─── Source information
(* Both zones rest on the same observation: a solution with real multiplier vanishes
   at [t0] and at [t0 + PI / om], which Sturm comparison forbids. *)
Lemma no_real_multiplier_first_zone (a : R -> R) (B om kap : R) : 0 < om -> 0 < kap ->
  (forall t, 0 <= t -> Rabs (a t) <= B) -> (forall t, 0 <= t -> continuity_pt a t) ->
  (forall t, 0 <= t -> kap ^ 2 <= a t) -> (forall t, 0 <= t -> a t <= om ^ 2) ->
  sometimes_below a (om ^ 2) -> no_real_multiplier a (PI / om).
Proof.
  intros Hom Hk HB Hc Hlo Hhi Hbelow v dv lam Hv Heig. apply NNPP. intros Hnz.
  assert (Htau : 0 < PI / om) by (apply Rdiv_lt_0_compat; [apply PI_RGT_0 | easy]).
  destruct (zero_in_half_period a v dv kap 0 Hv Hk (Rle_refl 0) Hlo) as [t0 [Ht0 Hz0]].
  assert (Hz1 : v (t0 + PI / om) = 0) by (rewrite (proj1 (Heig t0 ltac:(lra))), Hz0; ring).
  destruct (next_zero a v dv B t0 (t0 + PI / om)) as [s [Hs [Hzs Hns]]]; auto; [lra |].
  assert (PI / om < s - t0) by (apply (zero_spacing_gt a v dv); auto; lra).
  lra.
Qed.

Lemma no_real_multiplier_second_zone (a : R -> R) (B om : R) : 0 < om ->
  (forall t, 0 <= t -> Rabs (a t) <= B) -> (forall t, 0 <= t -> continuity_pt a t) ->
  (forall t, 0 <= t -> om ^ 2 < a t) -> (forall t, 0 <= t -> a t <= (2 * om) ^ 2) ->
  sometimes_below a ((2 * om) ^ 2) -> no_real_multiplier a (PI / om).
Proof.
  intros Hom HB Hc Hlo Hhi Hbelow v dv lam Hv Heig. apply NNPP. intros Hnz.
  assert (Htau : 0 < PI / om) by (apply Rdiv_lt_0_compat; [apply PI_RGT_0 | easy]).
  assert (Hhalf : PI / (2 * om) = PI / om / 2) by (field; lra).
  destruct (zero_in_half_period a v dv om 0 Hv Hom (Rle_refl 0))
    as [t0 [Ht0 Hz0]]; [intros t Ht; apply Rlt_le, Hlo, Ht |].
  assert (Hz1 : v (t0 + PI / om) = 0) by (rewrite (proj1 (Heig t0 ltac:(lra))), Hz0; ring).
  destruct (next_zero a v dv B t0 (t0 + PI / om)) as [s1 [Hs1 [Hz1' Hn1]]]; auto; [lra |].
  destruct (Req_dec s1 (t0 + PI / om)) as [-> | Hne].
  { now apply (zero_in_half_period_open a v dv om t0). }
  assert (PI / (2 * om) < s1 - t0) by (apply (zero_spacing_gt a v dv); auto; lra).
  destruct (next_zero a v dv B s1 (t0 + PI / om)) as [s2 [Hs2 [Hz2 Hn2]]]; auto; [lra |].
  assert (PI / (2 * om) < s2 - s1) by (apply (zero_spacing_gt a v dv); auto; lra).
  lra.
Qed.

(** * The Duffing equation *)

Definition duffing_energy (c y v : R) : R := v ^ 2 / 2 + c * y ^ 2 / 2 + 3 / 8 * y ^ 4.

(* The potential energy as a function of [s = y^2]. *)
Definition duffing_potential (c s : R) : R := c / 2 * s + 3 / 8 * s ^ 2.

Lemma duffing_energy_conserved (c al be : R) (y dy : R -> R) :
  duffing_sol c al be y dy -> forall t, duffing_energy c (y t) (dy t) = duffing_energy c al be.
Proof.
  intros [H0 [H1 H]] t. rewrite <- H0, <- H1. unfold duffing_energy.
  apply (derive_zero_const (fun t => dy t ^ 2 / 2 + c * y t ^ 2 / 2 + 3 / 8 * y t ^ 4)).
  intros s. destruct (H s) as [A B].
  apply (is_derive_extR (fun t => / 2 * dy t ^ 2 + c / 2 * y t ^ 2 + 3 / 8 * y t ^ 4));
    [intros t'; unfold Rdiv; ring |].
  eapply is_derive_eq.
  - apply is_derive_plusR; [apply is_derive_plusR |]; apply is_derive_scalR;
      [apply is_derive_sqrR | apply is_derive_sqrR | apply (is_derive_pow y 4 s (dy s))]; eauto.
  - simpl. field.
Qed.

Lemma duffing_potential_le_inv (c s1 s2 : R) : 0 < c -> 0 <= s1 -> 0 <= s2 ->
  duffing_potential c s1 <= duffing_potential c s2 -> s1 <= s2.
Proof. unfold duffing_potential. intros. nra. Qed.

(* If the energy exceeds the potential at level [b^2], the velocity stays bounded away
   from zero and [y] is unbounded. *)
Lemma duffing_sup_norm_iff (c al be b : R) (y dy : R -> R) : 0 < c -> 0 <= b ->
  duffing_sol c al be y dy ->
  sup_norm_le y b <-> duffing_energy c al be <= duffing_potential c (b ^ 2).
Proof.
  intros Hc Hb Hd. pose proof (duffing_energy_conserved c al be y dy Hd) as HE.
  destruct Hd as [H0 [H1 H]]. unfold duffing_energy, duffing_potential in *.
  set (E0 := be ^ 2 / 2 + c * al ^ 2 / 2 + 3 / 8 * al ^ 4) in *.
  split.
  - intros Hs. apply Rnot_lt_le. intros Hlt.
    set (d := E0 - (c / 2 * b ^ 2 + 3 / 8 * (b ^ 2) ^ 2)).
    assert (Hd : 0 < d) by (unfold d; lra).
    assert (Hdy : forall t, 2 * d <= dy t ^ 2).
    { intros t. specialize (HE t). specialize (Hs t).
      assert (Hy2 : y t ^ 2 <= b ^ 2)
        by (rewrite <- (pow2_abs (y t)); apply pow_incr; split; [apply Rabs_pos | easy]).
      unfold d. assert (0 <= y t ^ 2) by apply pow2_ge_0.
      assert (y t ^ 4 = (y t ^ 2) ^ 2) by ring. nra. }
    set (T := 1 + 2 * b ^ 2 / d).
    assert (HT : 1 <= T)
      by (unfold T; assert (0 <= 2 * b ^ 2 / d) by (apply Rdiv_le_0_compat; nra); lra).
    destruct (mean_value y dy 0 T ltac:(lra)) as [t1 [Ht1 Hm]]; [intros t _; apply H |].
    assert (E1 : 2 * d * T ^ 2 <= (y T - y 0) ^ 2).
    { rewrite Hm. specialize (Hdy t1). assert (0 <= T ^ 2) by apply pow2_ge_0.
      replace ((dy t1 * (T - 0)) ^ 2) with (dy t1 ^ 2 * T ^ 2) by ring. nra. }
    assert (E2 : (y T - y 0) ^ 2 <= 4 * b ^ 2).
    { pose proof (Hs T) as A1. pose proof (Hs 0) as A2.
      apply Rabs_le_between in A1, A2. nra. }
    assert (E3 : 2 * d * T = 2 * d + 4 * b ^ 2) by (unfold T; field; lra).
    nra.
  - intros Hle t. specialize (HE t). apply Rabs_le.
    destruct (Rle_dec (y t ^ 2) (b ^ 2)) as [h | h]; [split; nra |].
    exfalso. assert (0 <= dy t ^ 2) by apply pow2_ge_0.
    assert (y t ^ 4 = (y t ^ 2) ^ 2) by ring. nra.
Qed.

(* The positive root [S] of [duffing_potential c S = E]: the maximum of [y^2] on the orbit. *)
Definition duffing_amplitude (c E : R) : R := 4 / 3 * (sqrt (c ^ 2 / 4 + 3 / 2 * E) - c / 2).

Lemma duffing_potential_amplitude (c E : R) : 0 <= E ->
  duffing_potential c (duffing_amplitude c E) = E.
Proof.
  intros HE. unfold duffing_potential, duffing_amplitude.
  assert (HD := pow2_sqrt (c ^ 2 / 4 + 3 / 2 * E) ltac:(nra)). nra.
Qed.

Lemma duffing_amplitude_pos (c E : R) : 0 < c -> 0 < E -> 0 < duffing_amplitude c E.
Proof.
  intros Hc HE. unfold duffing_amplitude.
  assert (HD := pow2_sqrt (c ^ 2 / 4 + 3 / 2 * E) ltac:(nra)).
  pose proof (sqrt_pos (c ^ 2 / 4 + 3 / 2 * E)). nra.
Qed.

Lemma duffing_amplitude_nonneg (c E : R) : 0 <= E -> 0 <= duffing_amplitude c E.
Proof.
  intros HE. unfold duffing_amplitude.
  assert (c / 2 <= sqrt (c ^ 2 / 4 + 3 / 2 * E)); [| lra].
  destruct (Rle_dec (c / 2) 0) as [h | h]; [pose proof (sqrt_pos (c ^ 2 / 4 + 3 / 2 * E)); lra |].
  rewrite <- (sqrt_pow2 (c / 2)) by lra. apply sqrt_le_1_alt. nra.
Qed.

Lemma duffing_energy_nonneg (c y v : R) : 0 < c -> 0 <= duffing_energy c y v.
Proof.
  intros Hc. unfold duffing_energy.
  assert (0 <= y ^ 4) by (replace (y ^ 4) with ((y ^ 2) ^ 2) by ring; apply pow2_ge_0).
  pose proof (pow2_ge_0 y). pose proof (pow2_ge_0 v). nra.
Qed.

Lemma duffing_energy_pos (c y v : R) : 0 < c -> (y, v) <> (0, 0) -> 0 < duffing_energy c y v.
Proof.
  intros Hc Hyv. unfold duffing_energy.
  assert (0 <= y ^ 4) by (replace (y ^ 4) with ((y ^ 2) ^ 2) by ring; apply pow2_ge_0).
  destruct (Req_dec y 0) as [-> | Hy].
  - assert (v <> 0) by (intros ->; now apply Hyv). assert (0 < v ^ 2) by now apply pow2_gt_0. nra.
  - assert (0 < y ^ 2) by now apply pow2_gt_0. pose proof (pow2_ge_0 v). nra.
Qed.

Lemma exists_primitive (f : R -> R) : (forall t, continuous f t) ->
  exists F, F 0 = 0 /\ forall t, is_derive F t (f t).
Proof.
  intros Hf. exists (fun t => RInt f 0 t). split.
  - exact (@RInt_point R_CompleteNormedModule 0 f).
  - intros t. apply (is_derive_RInt f (fun t => RInt f 0 t) 0 t); [| apply Hf].
    apply filter_forall. intros b.
    apply (@RInt_correct R_CompleteNormedModule), (@ex_RInt_continuous R_CompleteNormedModule).
    intros z _. apply Hf.
Qed.

Lemma polar_angle (u v A : R) : 0 < A -> u ^ 2 + v ^ 2 = A ^ 2 ->
  exists th, A * sin th = u /\ A * cos th = v.
Proof.
  intros HA Huv.
  assert (Hv : -1 <= v / A <= 1).
  { assert (v ^ 2 <= A ^ 2) by (pose proof (pow2_ge_0 u); lra).
    assert ((v / A) ^ 2 <= 1); [| split; nra].
    replace ((v / A) ^ 2) with (v ^ 2 * / A ^ 2) by (field; lra).
    apply Rmult_le_reg_r with (A ^ 2); [nra |].
    rewrite Rmult_assoc, Rinv_l, Rmult_1_r, Rmult_1_l by nra. lra. }
  assert (Hs : sqrt (1 - (v / A) * (v / A)) = Rabs u / A).
  { replace (1 - v / A * (v / A)) with ((Rabs u / A) ^ 2).
    2: { replace ((Rabs u / A) ^ 2) with (u ^ 2 / A ^ 2) by (rewrite <- (pow2_abs u); field; lra).
         replace (u ^ 2) with (A ^ 2 - v ^ 2) by lra. field. lra. }
    apply sqrt_pow2. apply Rdiv_le_0_compat; [apply Rabs_pos | lra]. }
  destruct (Rle_dec 0 u) as [Hu | Hu].
  - exists (acos (v / A)). rewrite cos_acos, sin_acos by easy. unfold Rsqr. rewrite Hs.
    rewrite Rabs_right by lra. split; field; lra.
  - exists (- acos (v / A)). rewrite cos_neg, sin_neg, cos_acos, sin_acos by easy.
    unfold Rsqr. rewrite Hs, Rabs_left by lra. split; field; lra.
Qed.

Section DuffingOrbit.

Variables (c al be : R) (y dy : R -> R).
Hypothesis c_pos : 0 < c.
Hypothesis y_sol : duffing_sol c al be y dy.

Let S := duffing_amplitude c (duffing_energy c al be).

Lemma duffing_velocity_sq (t : R) : dy t ^ 2 = (S - y t ^ 2) * (c + 3 / 4 * (S + y t ^ 2)).
Proof.
  pose proof (duffing_energy_conserved c al be y dy y_sol t) as HE.
  pose proof (duffing_potential_amplitude c _ (duffing_energy_nonneg c al be c_pos)) as HV.
  fold S in HV. rewrite <- HE in HV. unfold duffing_energy, duffing_potential in HV.
  replace ((S - y t ^ 2) * (c + 3 / 4 * (S + y t ^ 2)))
    with (2 * (c / 2 * S + 3 / 8 * S ^ 2) - c * y t ^ 2 - 3 / 4 * y t ^ 4) by field.
  lra.
Qed.

Lemma duffing_sq_le_amplitude (t : R) : y t ^ 2 <= S.
Proof.
  pose proof (duffing_velocity_sq t). pose proof (pow2_ge_0 (dy t)). pose proof (pow2_ge_0 (y t)).
  assert (0 <= S) by apply duffing_amplitude_nonneg, duffing_energy_nonneg, c_pos.
  nra.
Qed.

(* [y (t + tau) + y t] solves a Hill equation with bounded coefficient and zero data. *)
Lemma duffing_antiperiodic (tau : R) : y tau = - al -> dy tau = - be ->
  forall t, 0 <= t -> y (t + tau) = - y t.
Proof.
  destruct y_sol as [Hy0 [Hdy0 Hder]]. intros Hyt Hdyt t Ht.
  set (q := fun t => y (t + tau) ^ 2 - y (t + tau) * y t + y t ^ 2).
  assert (Hsol : hill_sol_pos (fun t => c + 3 / 2 * q t)
                   (fun t => y (t + tau) + y t) (fun t => dy (t + tau) + dy t)).
  { intros s _. destruct (Hder s) as [A1 B1]. destruct (Hder (s + tau)) as [A2 B2].
    split; eapply is_derive_eq;
      try (apply is_derive_plusR; [apply is_derive_shift |]; eassumption); unfold q; ring. }
  assert (Hbound : forall t, 0 <= t -> Rabs (c + 3 / 2 * q t) <= c + 9 / 2 * S).
  { intros s _. unfold q. pose proof (duffing_sq_le_amplitude s).
    pose proof (duffing_sq_le_amplitude (s + tau)).
    pose proof (pow2_ge_0 (y (s + tau) - y s)). pose proof (pow2_ge_0 (y (s + tau) + y s)).
    apply Rabs_le. split; nra. }
  destruct (hill_sol_zero_of_zero_data _ _ Hbound _ _ 0 Hsol (Rle_refl 0)) with (t := t)
    as [E _]; cbv beta; rewrite ?Rplus_0_l; [lra | lra | easy |].
  lra.
Qed.

Hypothesis nontrivial : (al, be) <> (0, 0).

Let S_pos : 0 < S.
Proof. apply duffing_amplitude_pos, duffing_energy_pos; auto. Qed.

(* [y^2 = S] on an interval would force [y' = y'' = 0] there, hence [y = 0] and [S = 0]. *)
Lemma duffing_sometimes_below : sometimes_below (fun t => y t ^ 2) S.
Proof.
  intros s s' Hss. apply NNPP. intros Hno.
  assert (Hmax : forall r, s < r < s' -> y r ^ 2 = S).
  { intros r Hr. pose proof (duffing_sq_le_amplitude r).
    apply Rle_antisym; [easy |]. apply Rnot_lt_le. intros Hlt. apply Hno. now exists r. }
  assert (Hrest : forall r, s < r < s' -> dy r = 0).
  { intros r Hr. pose proof (duffing_velocity_sq r) as Hv.
    rewrite Hmax, Rminus_diag in Hv by easy.
    apply (Rsqr_0_uniq (dy r)). unfold Rsqr. lra. }
  set (s1 := s + (s' - s) / 3). set (s2 := s + 2 * (s' - s) / 3).
  destruct (mean_value dy (fun t => - (c * y t + 3 / 2 * y t ^ 3)) s1 s2) as [xi [Hxi Hm]].
  { unfold s1, s2; lra. }
  { intros t _. apply (proj2 (proj2 y_sol) t). }
  rewrite (Hrest s1), (Hrest s2) in Hm by (unfold s1, s2; lra).
  assert (Hy2 : y xi ^ 2 = S) by (apply Hmax; unfold s1, s2 in *; lra).
  assert (Hacc : y xi * (c + 3 / 2 * y xi ^ 2) = 0).
  { assert (s2 - s1 <> 0) by (unfold s1, s2; lra).
    assert (Hp : - (c * y xi + 3 / 2 * y xi ^ 3) * (s2 - s1) = 0) by lra.
    destruct (Rmult_integral _ _ Hp); [| contradiction]. lra. }
  pose proof S_pos. pose proof (pow2_ge_0 (y xi)).
  destruct (Rmult_integral _ _ Hacc) as [Hy0 | Hc]; [rewrite Hy0 in Hy2 |]; lra.
Qed.

Let m (t : R) : R := sqrt (c + 3 / 4 * (S + y t ^ 2)).

Lemma phase_speed_sq (t : R) : m t ^ 2 = c + 3 / 4 * (S + y t ^ 2).
Proof. apply pow2_sqrt. pose proof S_pos. pose proof (pow2_ge_0 (y t)). lra. Qed.

Lemma phase_speed_pos (t : R) : 0 < m t.
Proof. apply sqrt_lt_R0. pose proof S_pos. pose proof (pow2_ge_0 (y t)). lra. Qed.

Lemma phase_speed_derive (t : R) : is_derive m t (3 / 4 * y t * dy t / m t).
Proof.
  destruct (proj2 (proj2 y_sol) t) as [A _]. pose proof (phase_speed_pos t).
  eapply is_derive_eq.
  - apply (is_derive_sqrt (fun t => c + 3 / 4 * (S + y t ^ 2)) t (3 / 4 * (2 * y t * dy t))).
    + apply (is_derive_extR (fun t => c + 3 / 4 * S + 3 / 4 * y t ^ 2)); [intros; ring |].
      eapply is_derive_eq; [apply is_derive_plusR; [apply is_derive_const |];
                            apply is_derive_scalR, is_derive_sqrR, A |].
      simpl. unfold zero. simpl. ring.
    + pose proof S_pos. pose proof (pow2_ge_0 (y t)). lra.
  - fold (m t). field. lra.
Qed.

Let Z (t : R) : R := dy t / m t.

Lemma velocity_eq_phase_speed_mul (t : R) : dy t = m t * Z t.
Proof. unfold Z. field. pose proof (phase_speed_pos t). lra. Qed.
──────
What the task asks — Which lines above hold the string "Hbelow"? Copy each of them.

Problem solution —
  intros Hom Hk HB Hc Hlo Hhi Hbelow v dv lam Hv Heig. apply NNPP. intros Hnz.
  intros Hom HB Hc Hlo Hhi Hbelow v dv lam Hv Heig. apply NNPP. intros Hnz.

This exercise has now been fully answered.